Many people run from the change necessary for growth. They aren’t willing to face the task of reformulating some of the assumptions and illusions they have accepted as truth. …We have to live with some illusions but the problem comes when our illusions consistently interfere with growth. …many people avoid the pain of suffering and problems… if we avoid suffering, we avoid growth.”
“Thinking too much is somebody else’s problem.
Although often we do damage to ourselves through simplistic thinking, there are other times when people may seek to damage us for daring to think well.  If we think a great deal and others don’t particularly like it, that is their problem, not ours. If you use your brain, it’s bound to create a problem for others if they are seeking to use, abuse, control you, or keep you dependent or fearful. … If we choose to think for ourselves, we risk being seen as eccentrics or malcontents.  …It can take a lifetime for many people to come to terms with the freedom they truly have to think for themselves… it is a choice.

—Martin Luther King, Jr.
“In acknowledging our freedom to think we need always to remain aware that we can make both wrong and right choices. …with the freedom to think and feel anything also comes the responsibility to discipline our thoughts and feelings.”

“Rarely do we find men who willingly engage in hard, solid thinking. There is an almost universal quest for easy answers and half-baked solutions. Nothing pains some people more than having to think.”

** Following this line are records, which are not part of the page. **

Lemma tensm_compl {a a' a'' b : M} (f : hom a a') (f' : hom a' a'') :
  tensm (f' ∘ f) (idm b) = tensm f' (idm b) ∘ tensm f (idm b).
Proof. rewrite <- tensm_comp, comp_idl. reflexivity. Qed.

Lemma tensm_compr {a b b' b'' : M} (g : hom b b') (g' : hom b' b'') :
  tensm (idm a) (g' ∘ g) = tensm (idm a) g' ∘ tensm (idm a) g.
Proof. rewrite <- tensm_comp, comp_idl. reflexivity. Qed.

Lemma tensm_split_l {a a' b b' : M} (f : hom a a') (g : hom b b') :
  tensm f g = tensm (idm a') g ∘ tensm f (idm b).
Proof. rewrite <- tensm_comp, comp_idl, comp_idr. reflexivity. Qed.

Lemma tensm_split_r {a a' b b' : M} (f : hom a a') (g : hom b b') :
  tensm f g = tensm f (idm b') ∘ tensm (idm a) g.
Proof. rewrite <- tensm_comp, comp_idl, comp_idr. reflexivity. Qed.

Lemma assoc_nat_post {a a' b b' c c' : M} (f : hom a a') (g : hom b b') (h : hom c c')
    X (z : hom _ X) :
  z ∘ tensm f (tensm g h) ∘ assoc a b c = z ∘ assoc a' b' c' ∘ tensm (tensm f g) h.
Proof. rewrite <- !compA, assoc_nat. reflexivity. Qed.

Lemma lunit_nat_post {a a' : M} (f : hom a a') X (z : hom _ X) :
  z ∘ lunit a' ∘ tensm (idm munit) f = z ∘ f ∘ lunit a.
Proof. rewrite <- !compA, lunit_nat. reflexivity. Qed.

Lemma runit_nat_post {a a' : M} (f : hom a a') X (z : hom _ X) :
  z ∘ runit a' ∘ tensm f (idm munit) = z ∘ f ∘ runit a.
Proof. rewrite <- !compA, runit_nat. reflexivity. Qed.

End MonoidalCategory.

Section MonoidalFunctor.
Context {A B : MonCat} {F : MonFunData A B} (HF : is_monoidal_functor F).

Lemma fmap_id (a : A) : fmap F (idm a) = idm (F a).
Proof. apply HF. Qed.

Lemma fmap_comp (a b c : A) (f : hom a b) (g : hom b c) :
  fmap F (g ∘ f) = fmap F g ∘ fmap F f.
Proof. apply HF. Qed.

Lemma phi_nat (a a' b b' : A) (f : hom a a') (g : hom b b') :
  fmap F (tensm f g) ∘ phi F a b = phi F a' b' ∘ tensm (fmap F f) (fmap F g).
Proof. apply HF. Qed.

Lemma phi_assoc (a b c : A) :
  fmap F (assoc a b c) ∘ phi F (tens a b) c ∘ tensm (phi F a b) (idm (F c))
  = phi F a (tens b c) ∘ tensm (idm (F a)) (phi F b c) ∘ assoc (F a) (F b) (F c).
Proof. apply HF. Qed.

—James Allen: “As a Man Thinketh”
“A man is literally what he thinks, his character being the complete sum of all his thoughts. …The outer world of circumstance shapes itself to the inner world of thought, and both pleasant and unpleasant external conditions are factors which make for the ultimate good of the individual. As the reaper of his own harvest, man learns by both suffering and bliss.
A man does not come to the almshouse or the jail by the tyranny of fate of circumstance, but by the pathway of groveling thoughts and base desires. Nor does a pure-minded man fall suddenly into crime by stress of any mere external force; the criminal thought had long been secretly fostered in the heart, and the hour of opportunity revealed its gathered power.
Circumstance does not make the man; it reveals him to himself. No such conditions can exist as descending into vice and its attendant sufferings apart from vicious inclinations, or ascending into virtue and its pure happiness without the continued cultivation of virtuous aspirations. And man, therefore, as the Lord and master of thought, is the maker of himself, the shaper and author of environment.”